Do you think that using weight=FALSE could lead to these overestimates? And if there is no clear pattern that allows you to choose which individuals to use with and without weights = TRUE, is there any other approach to choose it?
I would also like to ask you about how to interpret the values of the PDF. I would like to make comparisons between the probability of presence of several individuals. As I have interpreted, PDF is the one I should be using. However, the results between different individuals may have differences of several orders of magnitude for the maximum value of presence probability. This leads me to wonder if normalize to 1 all the individuals is the right thing to do to be able to compare them. Could I use the CDF for this purpose as well?
Thank you very much in advance!
Jorge.RP
Hi Chris,
My tags are configured to collect information at 5-minute intervals, with winter periods in which the collection was limited to every 30 minutes in order to save battery and suppression of night records.

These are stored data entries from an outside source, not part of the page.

Lemma cts_mult (f g : X -> R) : cts d D f -> cts d D g -> cts d D (fun x => f x * g x).
Proof.
  intros Hf Hg x Dx eps he.
  set (M := Rabs (f x) + Rabs (g x) + 1).
  assert (hM : 1 <= M) by (unfold M; pose proof (Rabs_pos (f x)); pose proof (Rabs_pos (g x)); lra).
  set (e := Rmin 1 (eps / (2 * M))).
  assert (he0 : 0 < e) by (apply Rmin_pos; [lra | apply Rdiv_lt_0_compat; lra]).
  assert (he1 : e <= 1) by apply Rmin_l.
  assert (heM : e * (2 * M) <= eps).
  { assert (he2 : e <= eps / (2 * M)) by apply Rmin_r.
    apply (Rmult_le_compat_r (2 * M)) in he2; [| lra].
    unfold Rdiv in he2. rewrite Rmult_assoc, Rinv_l, Rmult_1_r in he2; lra. }
  destruct (Hf x Dx e he0) as [d1 [hd1 H1]].
  destruct (Hg x Dx e he0) as [d2 [hd2 H2]].
  exists (Rmin d1 d2); split; [apply Rmin_pos; lra |]. intros y Dy hy.
  pose proof (Rmin_l d1 d2); pose proof (Rmin_r d1 d2).
  specialize (H1 y Dy ltac:(lra)); specialize (H2 y Dy ltac:(lra)).
  replace (f x * g x - f y * g y) with (f x * (g x - g y) + g y * (f x - f y)) by ring.
  pose proof (Rabs_triang (f x * (g x - g y)) (g y * (f x - f y))) as T.
  rewrite !Rabs_mult in T.
  assert (hgy : Rabs (g y) <= Rabs (g x) + 1).
  { replace (g y) with (g x - (g x - g y)) by ring.
    pose proof (Rabs_triang (g x) (- (g x - g y))) as T'. rewrite Rabs_Ropp in T'.
    unfold Rminus at 1. lra. }
  pose proof (Rabs_pos (f x)); pose proof (Rabs_pos (g y)).
  pose proof (Rabs_pos (g x - g y)); pose proof (Rabs_pos (f x - f y)).
  assert (Rabs (f x) * Rabs (g x - g y) <= Rabs (f x) * e) by (apply Rmult_le_compat_l; lra).
  assert (Rabs (g y) * Rabs (f x - f y) <= (Rabs (g x) + 1) * e) by (apply Rmult_le_compat; lra).
  unfold M in heM. nra.
Qed.

Lemma cts_comp (P : R -> Prop) (h : R -> R) (f : X -> R) :
  cts dR P h -> (forall x, D x -> P (f x)) -> cts d D f -> cts d D (fun x => h (f x)).
Proof.
  intros Hh HP Hf x Dx eps he.
  destruct (Hh (f x) (HP x Dx) eps he) as [d1 [hd1 H1]].
  destruct (Hf x Dx d1 hd1) as [d2 [hd2 H2]].
  exists d2; split; [exact hd2 |]. intros y Dy hy.
  apply H1; [apply HP; exact Dy | apply H2; assumption].
Qed.

Lemma cts_lip {Y : Type} (dY : Y -> Y -> R) (DY : Y -> Prop) (phi : X -> Y) (f : Y -> R) :
  (forall x, D x -> DY (phi x)) -> (forall x y, dY (phi x) (phi y) <= d x y) ->
  cts dY DY f -> cts d D (fun x => f (phi x)).
Proof.
  intros HD Hd Hf x Dx eps he.
  destruct (Hf (phi x) (HD x Dx) eps he) as [d1 [hd1 H1]].
  exists d1; split; [exact hd1 |]. intros y Dy hy.
  apply H1; [auto |]. specialize (Hd x y). lra.
Qed.

End Continuity.

Lemma cts_id (D : R -> Prop) : cts dR D (fun x => x).
Proof. intros x _ eps he. exists eps; split; auto. Qed.

Lemma cts_of_continuity_pt (P : R -> Prop) (h : R -> R) :
  (forall y, P y -> continuity_pt h y) -> cts dR P h.
Proof.
  intros H y Py eps he.
  destruct (H y Py eps he) as [alp [ha Ha]].
  exists alp; split; [exact ha |]. intros y' _ hy'. unfold dR in *.
  destruct (Req_dec y y') as [<- | ne].
  - rewrite Rminus_diag, Rabs_R0; lra.
  - rewrite Rabs_minus_sym. apply (Ha y'). split.
    + split; [exact I | exact ne].
    + simpl; unfold Rdist; rewrite Rabs_minus_sym; exact hy'.
Qed.

Lemma cts_exp : cts dR (fun _ => True) exp.
Proof.
  apply cts_of_continuity_pt; intros y _.
  apply derivable_continuous_pt, derivable_pt_exp.
Qed.

Lemma cts_ln : cts dR (fun x => 0 < x) ln.
Proof.
  apply cts_of_continuity_pt; intros y hy.
  apply derivable_continuous_pt. exists (/ y). apply derivable_pt_lim_ln; exact hy.
Qed.

Lemma cts_sqrt : cts dR (fun x => 0 < x) sqrt.
Proof. apply cts_of_continuity_pt; intros y hy; apply sqrt_continuity_pt; exact hy. Qed.

Lemma abs_le_norm3 a b c : Rabs a <= sqrt (a ^ 2 + b ^ 2 + c ^ 2).
Proof.
  rewrite <- sqrt_Rsqr_abs. apply sqrt_le_1_alt. unfold Rsqr.
  pose proof (pow2_ge_0 b); pose proof (pow2_ge_0 c). simpl; lra.
Qed.

Lemma dist3_p1 p q : dR (p1 p) (p1 q) <= dist3 p q.
Proof. destruct p as [[x y] z], q as [[x' y'] z']. apply abs_le_norm3. Qed.

Lemma dist3_p2 p q : dR (p2 p) (p2 q) <= dist3 p q.
Proof.
  destruct p as [[x y] z], q as [[x' y'] z']. unfold dist3; cbv beta iota.
  replace ((x - x') ^ 2 + (y - y') ^ 2 + (z - z') ^ 2)
    with ((y - y') ^ 2 + (x - x') ^ 2 + (z - z') ^ 2) by ring.
  apply abs_le_norm3.
Qed.

Lemma dist3_p3 p q : dR (p3 p) (p3 q) <= dist3 p q.
Proof.
  destruct p as [[x y] z], q as [[x' y'] z']. unfold dist3; cbv beta iota.
  replace ((x - x') ^ 2 + (y - y') ^ 2 + (z - z') ^ 2)
    with ((z - z') ^ 2 + (x - x') ^ 2 + (y - y') ^ 2) by ring.
  apply abs_le_norm3.
Qed.

Lemma dist3_le_l1 a b c a' b' c' :
  dist3 (a, b, c) (a', b', c') <= dR a a' + dR b b' + dR c c'.
Proof.
  unfold dist3, dR. pose proof (Rabs_pos (a - a')); pose proof (Rabs_pos (b - b')).
  pose proof (Rabs_pos (c - c')).
  apply Rsqr_incr_0_var; [| lra].
  rewrite Rsqr_sqrt by (pose proof (pow2_ge_0 (a - a')); pose proof (pow2_ge_0 (b - b'));
                        pose proof (pow2_ge_0 (c - c')); lra).
  unfold Rsqr.
  assert (forall r, r ^ 2 = Rabs r * Rabs r) as sq_abs
    by (intro r; rewrite <- Rabs_mult, Rabs_right by nra; ring).
  rewrite !(sq_abs (_ - _)). nra.
Qed.

Lemma cts_triple {X : Type} (d : X -> X -> R) (D : X -> Prop) (f1 f2 f3 : X -> R) :
  cts d D f1 -> cts d D f2 -> cts d D f3 ->
  forall x, D x -> forall eps, 0 < eps -> exists delta, 0 < delta /\
    forall y, D y -> d x y < delta -> dist3 (f1 x, f2 x, f3 x) (f1 y, f2 y, f3 y) < eps.
Proof.
  intros H1 H2 H3 x Dx eps he.
  destruct (H1 x Dx (eps / 3) ltac:(lra)) as [d1 [hd1 K1]].
  destruct (H2 x Dx (eps / 3) ltac:(lra)) as [d2 [hd2 K2]].
  destruct (H3 x Dx (eps / 3) ltac:(lra)) as [d3 [hd3 K3]].
  exists (Rmin d1 (Rmin d2 d3)); split; [repeat apply Rmin_pos; lra |].
  intros y Dy hy.
  pose proof (Rmin_l d1 (Rmin d2 d3)); pose proof (Rmin_r d1 (Rmin d2 d3)).
  pose proof (Rmin_l d2 d3); pose proof (Rmin_r d2 d3).
  specialize (K1 y Dy ltac:(lra)); specialize (K2 y Dy ltac:(lra));
    specialize (K3 y Dy ltac:(lra)).
  pose proof (dist3_le_l1 (f1 x) (f2 x) (f3 x) (f1 y) (f2 y) (f3 y)).
  unfold dR in *. lra.
Qed.

Lemma path_cont_of (f1 f2 f3 : R -> R) :
  cts dR I01 f1 -> cts dR I01 f2 -> cts dR I01 f3 ->
  path_cont (fun t => (f1 t, f2 t, f3 t)).
Proof. intros H1 H2 H3 t Dt. exact (cts_triple dR I01 f1 f2 f3 H1 H2 H3 t Dt). Qed.

Definition dsq (a b : R * R) : R := sqrt ((fst a - fst b) ^ 2 + (snd a - snd b) ^ 2).
Definition Isq (a : R * R) : Prop := I01 (fst a) /\ I01 (snd a).

Lemma square_cont_of (f1 f2 f3 : R * R -> R) :
  cts dsq Isq f1 -> cts dsq Isq f2 -> cts dsq Isq f3 ->
  square_cont (fun s t => (f1 (s, t), f2 (s, t), f3 (s, t))).
Proof.
  intros H1 H2 H3 s t Ds Dt eps he.
  destruct (cts_triple dsq Isq f1 f2 f3 H1 H2 H3 (s, t) (conj Ds Dt) eps he) as [del [hd K]].
  exists del; split; [exact hd |]. intros s' t' Ds' Dt' hst.
  apply (K (s', t')); [split; assumption | exact hst].
Qed.

Lemma dsq_fst a b : dR (fst a) (fst b) <= dsq a b.
Proof.
  unfold dR, dsq. rewrite <- sqrt_Rsqr_abs. apply sqrt_le_1_alt. unfold Rsqr.
  pose proof (pow2_ge_0 (snd a - snd b)). simpl; lra.
Qed.

Lemma dsq_snd a b : dR (snd a) (snd b) <= dsq a b.
Proof.
  unfold dR, dsq. rewrite <- sqrt_Rsqr_abs. apply sqrt_le_1_alt. unfold Rsqr.
  pose proof (pow2_ge_0 (fst a - fst b)). simpl; lra.
Qed.

Lemma path_coord (g : R -> pt3) (pi : pt3 -> R) :
  (forall p q, dR (pi p) (pi q) <= dist3 p q) -> path_cont g -> cts dR I01 (fun t => pi (g t)).
Proof.
  intros Hp Hg t Dt eps he. destruct (Hg t Dt eps he) as [del [hd K]].
  exists del; split; [exact hd |]. intros t' Dt' ht.
  specialize (K t' Dt' ht); specialize (Hp (g t) (g t')). unfold dR in Hp. lra.
Qed.

Lemma cts_lseg {X : Type} (d : X -> X -> R) (D : X -> Prop) (al be sg : X -> R) :
  cts d D al -> cts d D be -> cts d D sg -> (forall x, D x -> 0 <= sg x <= 1) ->
  cts d D (fun x => lseg (al x) (be x) (sg x)).
Proof.
  intros Ha Hb Hs Hs01. unfold lseg.
  apply cts_opp.
  apply (cts_comp d D (fun y => 0 < y) ln); [exact cts_ln | |].
  { intros x Dx. specialize (Hs01 x Dx).
    pose proof (exp_pos (- al x)); pose proof (exp_pos (- be x)). nra. }
  assert (Hexp : forall f : X -> R, cts d D f -> cts d D (fun x => exp (- f x))).
  { intros f Hf. apply (cts_comp d D (fun _ => True) exp); [exact cts_exp | auto |].
    apply cts_opp; exact Hf. }
  apply cts_plus; apply cts_mult; auto.
  apply cts_plus; [apply cts_const | apply cts_opp; exact Hs].
Qed.

Lemma path_cont_useg (p q : pt3) : path_cont (useg p q).
Proof.
  apply path_cont_of; apply cts_lseg; try apply cts_const; try apply cts_id; auto.
Qed.

Lemma square_cont_useg (g : R -> pt3) (q : pt3) :
  path_cont g -> square_cont (fun s t => useg (g t) q s).
Proof.
  intros Hg.
  assert (Hfst : cts dsq Isq (fun st => fst st)).
  { apply (cts_lip dsq Isq dR I01 fst (fun x => x)); [intros x [h _]; exact h | apply dsq_fst |].
    apply cts_id. }
  assert (Hcoord : forall pi : pt3 -> R, (forall p q, dR (pi p) (pi q) <= dist3 p q) ->
                   cts dsq Isq (fun st => pi (g (snd st)))).
  { intros pi Hp. apply (cts_lip dsq Isq dR I01 snd (fun t => pi (g t)));
      [intros x [_ h]; exact h | apply dsq_snd | apply path_coord; assumption]. }
  apply (square_cont_of (fun st => lseg (p1 (g (snd st))) (p1 q) (fst st))
                        (fun st => lseg (p2 (g (snd st))) (p2 q) (fst st))
                        (fun st => lseg (p3 (g (snd st))) (p3 q) (fst st)));
    apply cts_lseg; try apply cts_const; try exact Hfst; try (intros x [h _]; exact h);
    apply Hcoord; [apply dist3_p1 | apply dist3_p2 | apply dist3_p3].
Qed.

Lemma open3_pos (F : pt3 -> R) :
  cts dist3 (fun _ => True) F -> open3 (fun p => 0 < F p).
Proof.
  intros HF p Hp. destruct (HF p I (F p) Hp) as [del [hd K]].
  exists del; split; [exact hd |]. intros q hq.
  specialize (K q I hq). apply Rabs_def2 in K. lra.
Qed.

Lemma open3_and (A B : pt3 -> Prop) : open3 A -> open3 B -> open3 (fun p => A p /\ B p).
Proof.
  intros oA oB p [Ap Bp].
  destruct (oA p Ap) as [e1 [he1 K1]]; destruct (oB p Bp) as [e2 [he2 K2]].
  exists (Rmin e1 e2); split; [apply Rmin_pos; assumption |].
  intros q hq. pose proof (Rmin_l e1 e2); pose proof (Rmin_r e1 e2).
  split; [apply K1 | apply K2]; lra.
Qed.

Lemma open3_ext (A B : pt3 -> Prop) : (forall p, A p <-> B p) -> open3 A -> open3 B.
Proof.
  intros E oA p Bp. apply E in Bp. destruct (oA p Bp) as [e [he K]].
  exists e; split; [exact he |]. intros q hq; apply E, K, hq.
Qed.

Definition elen (I : R) (pi pi' : pt3 -> R) (u : pt3) : R :=
  edge_len I (exp (pi u)) (exp (pi' u)).

Lemma cts_elen I pi pi' : 0 <= I ->
  (forall p q, dR (pi p) (pi q) <= dist3 p q) ->
  (forall p q, dR (pi' p) (pi' q) <= dist3 p q) ->
  cts dist3 (fun _ => True) (elen I pi pi').
Proof.
  intros hI H1 H2.
  assert (Hexp : forall pi0 : pt3 -> R, (forall p q, dR (pi0 p) (pi0 q) <= dist3 p q) ->
                 cts dist3 (fun _ => True) (fun u => exp (pi0 u))).
  { intros pi0 Hp. apply (cts_comp dist3 _ (fun _ => True) exp); [exact cts_exp | auto |].
    apply (cts_lip dist3 _ dR (fun _ => True) pi0 (fun x => x)); auto. apply cts_id. }
  unfold elen, edge_len.
  apply (cts_comp dist3 _ (fun y => 0 < y) sqrt); [exact cts_sqrt | |].
  - intros u _. pose proof (exp_pos (pi u)); pose proof (exp_pos (pi' u)).
    assert (0 <= I * exp (pi u) * exp (pi' u)) by (repeat apply Rmult_le_pos; lra). nra.
  - change (cts dist3 (fun _ => True)
      (fun u => exp (pi u) * (exp (pi u) * 1) + exp (pi' u) * (exp (pi' u) * 1)
                + 2 * I * exp (pi u) * exp (pi' u))).
    repeat (apply cts_plus || apply cts_mult); try apply cts_const; auto.
Qed.

(* U_E is cut out by three strict inequalities between continuous functions. *)
Lemma U_E_open I1 I2 I3 : 0 <= I1 -> 0 <= I2 -> 0 <= I3 -> open3 (U_E I1 I2 I3).
Proof.
  intros h1 h2 h3.
  set (L1 := elen I1 p1 p2); set (L2 := elen I2 p2 p3); set (L3 := elen I3 p3 p1).
  assert (C1 : cts dist3 (fun _ => True) L1) by (apply cts_elen; auto using dist3_p1, dist3_p2).
  assert (C2 : cts dist3 (fun _ => True) L2) by (apply cts_elen; auto using dist3_p2, dist3_p3).
  assert (C3 : cts dist3 (fun _ => True) L3) by (apply cts_elen; auto using dist3_p3, dist3_p1).
  apply (open3_ext (fun u => 0 < L2 u + L3 u - L1 u /\
                             (0 < L3 u + L1 u - L2 u /\ 0 < L1 u + L2 u - L3 u))).
  - intros [[x y] z]. unfold U_E, R_E, L1, L2, L3, elen, p1, p2, p3; simpl.
    pose proof (exp_pos x); pose proof (exp_pos y); pose proof (exp_pos z).
    split; [intros [? [? ?]]; repeat split; lra | intros [_ [_ [_ [? [? ?]]]]]; lra].
  - repeat apply open3_and; apply open3_pos;
      repeat (apply cts_plus || apply cts_opp); assumption.
Qed.

Lemma path_stays (g : R -> pt3) (O : pt3 -> Prop) (t : R) :
  path_cont g -> open3 O -> I01 t -> O (g t) ->
  exists del, 0 < del /\ forall t', I01 t' -> Rabs (t - t') < del -> O (g t').
Proof.
  intros gc oO ht Ot. destruct (oO _ Ot) as [eps [he K]].
  destruct (gc t ht eps he) as [del [hd Hd]].
  exists del; split; [exact hd |]. intros t' ht' htt'. apply K, Hd; assumption.
Qed.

Progress do shows when trace=TRUE and I am using the most recent version available. With these slower individuals, what happens is that after a long time of processing, the progress of trace=TRUE stops appearing, as if the program were hanging, forcing me to restore session. It could even be a problem of the capacity of my computer, although in others that I have tested it does not seem to work either.
As far as I can tell, or interpret, neither do I have giant gaps in the data for the majority of birds. Yet, the example given in vignette ('akde') is what may be happening in the individual who changes the core with the highest probability of presence. Did not know about this fact, but looking at the sampling of this individual, it makes sense to me.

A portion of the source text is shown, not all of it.